WHAT TO DO: Determine how many lines of the entries contain "mathcal". Reply with that number alone.

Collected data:
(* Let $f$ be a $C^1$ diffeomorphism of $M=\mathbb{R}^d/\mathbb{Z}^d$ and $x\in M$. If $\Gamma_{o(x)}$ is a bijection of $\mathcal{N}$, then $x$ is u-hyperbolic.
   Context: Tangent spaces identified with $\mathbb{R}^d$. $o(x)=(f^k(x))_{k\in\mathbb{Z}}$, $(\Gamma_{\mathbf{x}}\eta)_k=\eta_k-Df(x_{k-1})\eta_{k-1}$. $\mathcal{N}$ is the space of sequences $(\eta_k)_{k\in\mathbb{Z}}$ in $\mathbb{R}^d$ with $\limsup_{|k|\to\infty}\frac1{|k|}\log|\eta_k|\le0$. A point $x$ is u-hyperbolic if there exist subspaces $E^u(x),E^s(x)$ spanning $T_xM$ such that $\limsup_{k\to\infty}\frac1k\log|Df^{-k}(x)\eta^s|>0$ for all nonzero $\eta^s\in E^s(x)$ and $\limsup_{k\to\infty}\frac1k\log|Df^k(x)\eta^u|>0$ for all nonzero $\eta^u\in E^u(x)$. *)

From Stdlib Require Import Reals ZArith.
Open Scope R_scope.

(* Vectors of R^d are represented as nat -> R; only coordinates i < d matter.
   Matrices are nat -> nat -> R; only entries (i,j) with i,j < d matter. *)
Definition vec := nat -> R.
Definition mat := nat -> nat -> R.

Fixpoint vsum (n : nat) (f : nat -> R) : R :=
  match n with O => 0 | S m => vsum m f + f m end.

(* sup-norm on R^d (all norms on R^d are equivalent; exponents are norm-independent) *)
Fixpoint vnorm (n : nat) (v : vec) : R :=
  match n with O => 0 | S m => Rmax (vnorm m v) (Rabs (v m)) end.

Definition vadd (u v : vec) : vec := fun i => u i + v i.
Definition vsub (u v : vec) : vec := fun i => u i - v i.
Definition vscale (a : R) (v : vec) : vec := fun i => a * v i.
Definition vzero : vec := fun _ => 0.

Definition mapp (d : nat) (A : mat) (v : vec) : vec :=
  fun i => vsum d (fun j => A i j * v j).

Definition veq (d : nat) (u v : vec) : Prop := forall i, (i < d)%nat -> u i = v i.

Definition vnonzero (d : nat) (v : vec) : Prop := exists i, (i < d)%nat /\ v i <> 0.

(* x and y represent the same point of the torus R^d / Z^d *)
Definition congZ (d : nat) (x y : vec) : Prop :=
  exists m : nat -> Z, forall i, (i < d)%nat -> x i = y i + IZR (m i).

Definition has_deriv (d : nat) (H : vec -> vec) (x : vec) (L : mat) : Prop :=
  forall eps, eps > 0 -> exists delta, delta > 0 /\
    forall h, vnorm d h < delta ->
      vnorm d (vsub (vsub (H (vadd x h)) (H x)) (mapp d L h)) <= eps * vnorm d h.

RESPONSE AREA: 2